Saturday, September 26, 2015

Who is the narrator of The Strange Case of Dr. Jekyll and Mr. Hyde?

The narrator of The Strange Case of Dr. Jekyll and Mr. Hyde is an anonymous third person limited narrator who directs how the story will be told, beginning in Chapter 1 where thenarrator says:



"Mr. Utterson the lawyer was a man of a rugged countenance that was never lighted by a smile; cold, scanty and embarrassed in discourse..."



This narrator tells the story through the experience, thoughts, feelings, actions, motives of Mr. Utterson, which is why a story about Jekyll and Hyde starts out with a description of Mr. Utterson. Since the narrator is limited and not omniscient, (1) Stevenson always orients the story from Utterson's point of view and (2) Stevenson was free to expand his narratorial options by having three different people, therefore three different voices, take over the narration at various points in the story.

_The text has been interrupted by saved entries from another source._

(* The defining formula of the product "ltimes" on A (x)bar B, given
   opA = ltimes on A, augopB = ltimes on Bbar (augmented conventions),
   starA = the augmented * on Abar. *)
Definition tbar_op_spec (K : fieldType) (A B T : lmodType K) (tens : A -> B -> T)
  (opA : A -> A -> A) (starA : aug A -> aug A -> aug A)
  (augopB : aug B -> aug B -> aug B)
  (opX : tbar A B T -> tbar A B T -> tbar A B T) : Prop :=
  forall g h : tgen A B,
    opX (gen_val tens g) (gen_val tens h) =
    match g, h with
    | GenA1 a, GenA1 c => (0, 0, opA a c)
    | _, _ => emb tens (starA (gen_left g) (gen_left h))
                       (augopB (gen_right g) (gen_right h))
    end.

(* A (x)bar B is spanned by the elements a (x) b, 1 (x) b and a (x) 1 and all
   products are bilinear, so an axiom need only be checked on triples of
   spanning elements.  Write a spanning element as x (x) y with x in Abar and
   y in Bbar.  The defining formula (x (x) y) o (x' (x) y') = (x * x') (x) (y o y')
   extends bilinearly to every product in which one Bbar factor has no unit
   component, so on a triple with no two consecutive factors in A (x) 1 both
   sides of an axiom become (x * x' * x'') (x) (one side of that axiom in Bbar).
   They agree because * is associative on Abar and Bbar satisfies the axioms
   whenever no two consecutive arguments are units.  Triples in (A (x) 1)^3
   reduce to the axioms of A.  On the remaining triples, where a factor b of B
   meets two units, either both sides vanish or the unit acts trivially on b
   in both and the Abar parts are the two sides of associativity of *.  The
   products exist by the universal property of the tensor product. *)

From HB Require Import structures.
From mathcomp Require Import all_boot all_order all_algebra.
From mathcomp Require Import ring.
From Stdlib Require Import ClassicalEpsilon.
Import GRing.Theory.
Set Implicit Arguments. Unset Strict Implicit.
Local Open Scope ring_scope.

Section LinearMaps.
Variable K : fieldType.
Implicit Types U V W X Y Z : lmodType K.

Lemma linear_map0 V W (f : V -> W) : linear f -> f 0 = 0.
Proof.
move=> Hf; have := Hf 1 0 0; rewrite scaler0 addr0 scale1r => /eqP.
by rewrite -subr_eq subrr eq_sym => /eqP.
Qed.

Lemma linear_mapD V W (f : V -> W) : linear f -> forall x y, f (x + y) = f x + f y.
Proof. by move=> Hf x y; rewrite -[x in f (x + _)]scale1r Hf scale1r. Qed.

Lemma linear_mapZ V W (f : V -> W) : linear f -> forall k x, f (k *: x) = k *: f x.
Proof. by move=> Hf k x; rewrite -[k *: x]addr0 Hf (linear_map0 Hf) addr0. Qed.

Lemma linear_compose U V W (f : V -> W) (g : U -> V) :
  linear f -> linear g -> linear (fun x => f (g x)).
Proof. by move=> Hf Hg k x y; rewrite Hg Hf. Qed.

Lemma bilinear_map_linr U V W (f : U -> V -> W) : bilinear_map f -> forall u, linear (f u).
Proof. by case. Qed.

Lemma bilinear_map_linl U V W (f : U -> V -> W) : bilinear_map f -> forall v, linear (f^~ v).
Proof. by case. Qed.

Section BilinearMaps.
Variables (U V W : lmodType K) (f : U -> V -> W).
Hypothesis Hf : bilinear_map f.

Lemma bilinear_mapDl x y z : f (x + y) z = f x z + f y z.
Proof. exact: linear_mapD (bilinear_map_linl Hf z) x y. Qed.
Lemma bilinear_mapDr x y z : f x (y + z) = f x y + f x z.
Proof. exact: linear_mapD (bilinear_map_linr Hf x) y z. Qed.
Lemma bilinear_mapZl k x z : f (k *: x) z = k *: f x z.
Proof. exact: linear_mapZ (bilinear_map_linl Hf z) k x. Qed.
Lemma bilinear_mapZr k x z : f x (k *: z) = k *: f x z.
Proof. exact: linear_mapZ (bilinear_map_linr Hf x) k z. Qed.
Lemma bilinear_map0l z : f 0 z = 0.
Proof. exact: linear_map0 (bilinear_map_linl Hf z). Qed.
Lemma bilinear_map0r x : f x 0 = 0.
Proof. exact: linear_map0 (bilinear_map_linr Hf x). Qed.

Definition bilinearE := (bilinear_mapDl, bilinear_mapDr, bilinear_mapZl, bilinear_mapZr,
  bilinear_map0l, bilinear_map0r).
End BilinearMaps.

Definition trilinear_map U V W X (F : U -> V -> W -> X) : Prop :=
  [/\ forall y z, linear (fun x => F x y z), forall x z, linear (fun y => F x y z)
    & forall x y, linear (F x y)].

Lemma trilinear_comp_l U V W Y Z (f : U -> V -> Y) (g : Y -> W -> Z) :
  bilinear_map f -> bilinear_map g -> trilinear_map (fun x y z => g (f x y) z).
Proof.
move=> Hf Hg; split=> [y z|x z|x y].
- exact: linear_compose (bilinear_map_linl Hg z) (bilinear_map_linl Hf y).
- exact: linear_compose (bilinear_map_linl Hg z) (bilinear_map_linr Hf x).
- exact: bilinear_map_linr Hg (f x y).
Qed.

Lemma trilinear_comp_r U V W Y Z (f : V -> W -> Y) (g : U -> Y -> Z) :
  bilinear_map f -> bilinear_map g -> trilinear_map (fun x y z => g x (f y z)).
Proof.
move=> Hf Hg; split=> [y z|x z|x y].
- exact: bilinear_map_linl Hg (f y z).
- exact: linear_compose (bilinear_map_linr Hg x) (bilinear_map_linl Hf z).
- exact: linear_compose (bilinear_map_linr Hg x) (bilinear_map_linr Hf y).
Qed.

Lemma pair_addE (U V : zmodType) (a c : U) (b d : V) : (a, b) + (c, d) = (a + c, b + d).
Proof. by []. Qed.

Lemma pair_scaleE U V k (a : U) (b : V) : k *: (a, b) = (k *: a, k *: b).
Proof. by []. Qed.
End LinearMaps.

Lemma addr_bring_here (V : zmodType) (a b r : V) : b = a -> b + r = a + r.
Proof. by move->. Qed.
Lemma addr_bring_last (V : zmodType) (a b : V) : b = a -> b = a + 0.
Proof. by move->; rewrite addr0. Qed.
Lemma addr_bring_later (V : zmodType) (a b r r' : V) : r = a + r' -> b + r = a + (b + r').
Proof. by move->; rewrite addrCA. Qed.

(* [ac] proves an equation between two sums that agree up to the order of the
   summands, where summands [s *: v] and [s' *: v] are identified when [ring]
   proves [s = s']. *)
Ltac same_summand a b :=
  first [ unify a b; exact (erefl a)
        | lazymatch constr:((a, b)) with
          | (?s *: ?v, ?s' *: ?v') =>
              unify v v'; apply: (congr1 (fun z => z *: v)); ring
          end ].

Ltac bring_front a y :=
  match y with
  | (?b + ?r)%R =>
      let e := constr:(ltac:(same_summand a b) : b = a) in constr:(addr_bring_here r e)
  | (?b + ?r)%R => let p := bring_front a r in constr:(addr_bring_later b p)
  | ?b => let e := constr:(ltac:(same_summand a b) : b = a) in constr:(addr_bring_last e)
  end.

Ltac ac_loop :=
  lazymatch goal with
  | |- (?a + _)%R = ?y =>
      let p := bring_front a y in
      apply: (eq_trans _ (esym p)); apply: (congr1 (fun z => a + z)); rewrite ?addr0; ac_loop
  | |- ?a = ?a => reflexivity
  | |- ?a = ?y =>
      let p := bring_front a y in apply: (eq_trans _ (esym p)); rewrite ?addr0; reflexivity
  end.

Ltac ac := rewrite -?addrA ?addr0 ?add0r; ac_loop.

Ltac lin_simpl := repeat progress rewrite ?(scalerDr, scalerA) ?(mul0r, mulr0, mul1r, mulr1)
  ?(scale0r, scaler0, scale1r) ?(add0r, addr0).

Section TensorLift.
Variables (K : fieldType) (A B T : lmodType K) (tens : A -> B -> T).
Hypothesis tensP : is_tensor_product tens.

Lemma tens_bilinear : bilinear_map tens.
Proof. exact: tensP.1. Qed.

Lemma tensor_ext (W : lmodType K) (g1 g2 : T -> W) : linear g1 -> linear g2 ->
  (forall a b, g1 (tens a b) = g2 (tens a b)) -> g1 =1 g2.
Proof.
move=> Hg1 Hg2 E.
have Hf : bilinear_map (fun a b => g1 (tens a b)).
  by split=> u k x y; rewrite ?(bilinear_map_linr tens_bilinear)
                              ?(bilinear_map_linl tens_bilinear) Hg1.
have [g [_ g_uniq]] := tensP.2 W _ Hf.
have <- := g_uniq g1 (conj Hg1 (fun _ _ => erefl)).
by have <- := g_uniq g2 (conj Hg2 (fun a b => esym (E a b))).
Qed.

Definition tensor_lift (W : lmodType K) (f : A -> B -> W) : T -> W :=
  epsilon (inhabits (fun _ => 0))
    (fun g => linear g /\ forall a b, g (tens a b) = f a b).

Lemma tensor_liftP (W : lmodType K) (f : A -> B -> W) : bilinear_map f ->
  linear (tensor_lift f) /\ forall a b, tensor_lift f (tens a b) = f a b.
Proof.
move=> Hf; apply: (epsilon_spec _ (fun g => linear g /\ forall a b, g (tens a b) = f a b)).
by have [g [Hg _]] := tensP.2 W f Hf; exists g.
Qed.

Lemma tensor_lift_linear (W : lmodType K) (f : A -> B -> W) :
  bilinear_map f -> linear (tensor_lift f).
Proof. by case/tensor_liftP. Qed.

Lemma tensor_lift_tens (W : lmodType K) (f : A -> B -> W) a b :
  bilinear_map f -> tensor_lift f (tens a b) = f a b.
Proof. by case/tensor_liftP. Qed.

Lemma tensor_lift_param (V W : lmodType K) (f : V -> A -> B -> W) :
  (forall p, bilinear_map (f p)) -> (forall a b, linear (fun p => f p a b)) ->
  forall t, linear (fun p => tensor_lift (f p) t).
Proof.
move=> Hf Hp t k p q.
apply: (tensor_ext (g2 := fun t => k *: tensor_lift (f p) t + tensor_lift (f q) t)).
- exact: tensor_lift_linear.
- by move=> k' x y; rewrite !tensor_lift_linear // !scalerDr !scalerA; ac.
- by move=> a b; rewrite !tensor_lift_tens // Hp.
Qed.
End TensorLift.

Section TbarLift.
Variables (K : fieldType) (A B T : lmodType K) (tens : A -> B -> T).
Hypothesis tensP : is_tensor_product tens.
Local Notation tbar := (tbar A B T).
Local Notation gv := (gen_val tens).

Definition gen_linear (W : lmodType K) (phi : tgen A B -> W) : Prop :=
  [/\ bilinear_map (fun a b => phi (GenAB a b)),
      linear (fun b => phi (Gen1B b)) & linear (fun a => phi (GenA1 a))].

Definition tbar_lift (W : lmodType K) (phi : tgen A B -> W) (x : tbar) : W :=
  tensor_lift tens (fun a b => phi (GenAB a b)) x.1.1 + phi (Gen1B x.1.2) + phi (GenA1 x.2).

Lemma tbar_lift_linear (W : lmodType K) (phi : tgen A B -> W) :
  gen_linear phi -> linear (tbar_lift phi).
Proof.
case=> HAB H1B HA1 k x y.
by rewrite /tbar_lift /= tensor_lift_linear // H1B HA1 !scalerDr; ac.
Qed.

Lemma tbar_lift_gen (W : lmodType K) (phi : tgen A B -> W) g :
  gen_linear phi -> tbar_lift phi (gv g) = phi g.
Proof.
case=> HAB H1B HA1; rewrite /tbar_lift.
case: g => [a b|b|a] /=;
  rewrite ?tensor_lift_tens ?(linear_map0 (tensor_lift_linear tensP HAB)) //.
- by rewrite (linear_map0 H1B) (linear_map0 HA1) !addr0.
- by rewrite (linear_map0 HA1) add0r addr0.
- by rewrite (linear_map0 H1B) !add0r.
Qed.

Lemma tbar_lift_param (V W : lmodType K) (phi : V -> tgen A B -> W) :
  (forall p, gen_linear (phi p)) -> (forall g, linear (fun p => phi p g)) ->
  forall x, linear (fun p => tbar_lift (phi p) x).
Proof.
move=> Hphi Hp x k p q; rewrite /tbar_lift.
rewrite (tensor_lift_param tensP (f := fun p a b => phi p (GenAB a b))) //;
  last by move=> p'; case: (Hphi p').
by rewrite !Hp !scalerDr; ac.
Qed.

Lemma tbar_ext (W : lmodType K) (f1 f2 : tbar -> W) : linear f1 -> linear f2 ->
  (forall g, f1 (gv g) = f2 (gv g)) -> f1 =1 f2.
Proof.
move=> Hf1 Hf2 E [[t b] a].
have -> : ((t, b, a) : tbar) = (t, 0, 0) + gv (Gen1B b) + gv (GenA1 a).
  by rewrite !pair_addE !addr0 !add0r.
rewrite !(linear_mapD Hf1) !(linear_mapD Hf2) !E; congr (_ + _ + _).
have tbarZ k (x y : T) : ((k *: x + y, 0, 0) : tbar) = k *: (x, 0, 0) + (y, 0, 0).
  by rewrite !pair_scaleE !pair_addE !scaler0 !addr0.
apply: (tensor_ext tensP (g1 := fun t => f1 (t, 0, 0)) (g2 := fun t => f2 (t, 0, 0))).
- by move=> k x y; rewrite tbarZ Hf1.
- by move=> k x y; rewrite tbarZ Hf2.
- by move=> a' b'; exact: (E (GenAB a' b')).
Qed.

Lemma tbar_ext3 (W : lmodType K) (F G : tbar -> tbar -> tbar -> W) :
  trilinear_map F -> trilinear_map G ->
  (forall g h k, F (gv g) (gv h) (gv k) = G (gv g) (gv h) (gv k)) ->
  forall x y z, F x y z = G x y z.
Proof.
move=> [F1 F2 F3] [G1 G2 G3] E x y z.
apply: (tbar_ext (F3 x y) (G3 x y)) => k {z}.
apply: (tbar_ext (f1 := fun y => F x y (gv k)) (f2 := fun y => G x y (gv k))) => // h {y}.
exact: (tbar_ext (f1 := fun x => F x (gv h) (gv k)) (f2 := fun x => G x (gv h) (gv k))).
Qed.

Section Lift2.
Variables (W : lmodType K) (Phi : tgen A B -> tgen A B -> W).
Hypotheses (PhiL : forall h, gen_linear (Phi^~ h)) (PhiR : forall g, gen_linear (Phi g)).

Definition tbar_lift2 (x y : tbar) : W := tbar_lift (fun g => tbar_lift (Phi g) y) x.

Lemma tbar_lift2_inner y : gen_linear (fun g => tbar_lift (Phi g) y).
Proof.
split; first split.
- move=> a; apply: (tbar_lift_param (phi := fun b => Phi (GenAB a b))) => // h.
  by case: (PhiL h) => /bilinear_map_linr.
- move=> b; apply: (tbar_lift_param (phi := fun a => Phi (GenAB a b))) => // h.
  by case: (PhiL h) => /bilinear_map_linl.
- by apply: (tbar_lift_param (phi := fun b => Phi (Gen1B b))) => // h; case: (PhiL h).
- by apply: (tbar_lift_param (phi := fun a => Phi (GenA1 a))) => // h; case: (PhiL h).
Qed.

Lemma tbar_lift2_bilinear : bilinear_map tbar_lift2.
Proof.
split=> [x|y]; last exact: tbar_lift_linear (tbar_lift2_inner y).
apply: (tbar_lift_param (phi := fun y g => tbar_lift (Phi g) y)) => [y|g].
- exact: tbar_lift2_inner.
- exact: tbar_lift_linear.
Qed.

Lemma tbar_lift2_gen g h : tbar_lift2 (gv g) (gv h) = Phi g h.
Proof. by rewrite /tbar_lift2 !tbar_lift_gen //; exact: tbar_lift2_inner. Qed.
End Lift2.
End TbarLift.

Inductive tri_op := Prec | Dot | Succ | Star.

Definition tri_op_fun (V : zmodType) (p d s : V -> V -> V) (o : tri_op) : V -> V -> V :=
  match o with
  | Prec => p | Dot => d | Succ => s | Star => fun a b => p a b + d a b + s a b
  end.

(* [tri_axiom o1 o2 o3 o4] lists the seven axioms, in the shape
   [(x o2 y) o1 z = x o3 (y o4 z)]. *)
Inductive tri_axiom : tri_op -> tri_op -> tri_op -> tri_op -> Prop :=
  | TriPrecPrec : tri_axiom Prec Prec Prec Star
  | TriPrecSucc : tri_axiom Prec Succ Succ Prec
  | TriSuccStar : tri_axiom Succ Star Succ Succ
  | TriDotSucc : tri_axiom Dot Succ Succ Dot
  | TriDotPrec : tri_axiom Dot Prec Dot Succ
  | TriPrecDot : tri_axiom Prec Dot Dot Prec
  | TriDotDot : tri_axiom Dot Dot Dot Dot.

The first place in which another narratorial voice takes over the story is in Chapter 1 in which Mr. Enfield, Utterson's distant cousin and confidant, introduces Mr. Hyde by telling Utterson about a most peculiar incident that he was involved in that centered on Hyde. So in this instance, Stevenson employs the literary technique of an embedded narrator: a third person narrator telling about a character narrating a story to another character, a technique Joseph Conrad also used in Heart of Darkness.


In Chapters 9 and 10, Stevenson employs another technique to vary the narratorial voice although the narrator remains the same third person limited narrator, as is confirmed in Chapter 8: " Mr. Utterson was sitting by his fireside one evening after dinner,...." In chapters 9 and 10, Stevenson employs two letters, one from Dr. Lanyon to Mr. Utterson and one from Dr. Jekyll to Mr. Utterson, to continue the story of Dr. Jekyll and Mr. Hyde. This is called an epistolary (letter) technique.


So, while the narrator is an invovled ("Never (she used to say, with streaming tears, when she narrated that experience), never had she felt...") though objective third person limited (one point of view through one character) narrator, the narratorial voice varies through embedded narration (Mr. Enfield) and two instances of epistolary narration in which Dr. Lanyon speaks (Chapter 9) and then Dr. Jekyll speaks (Chapter 10).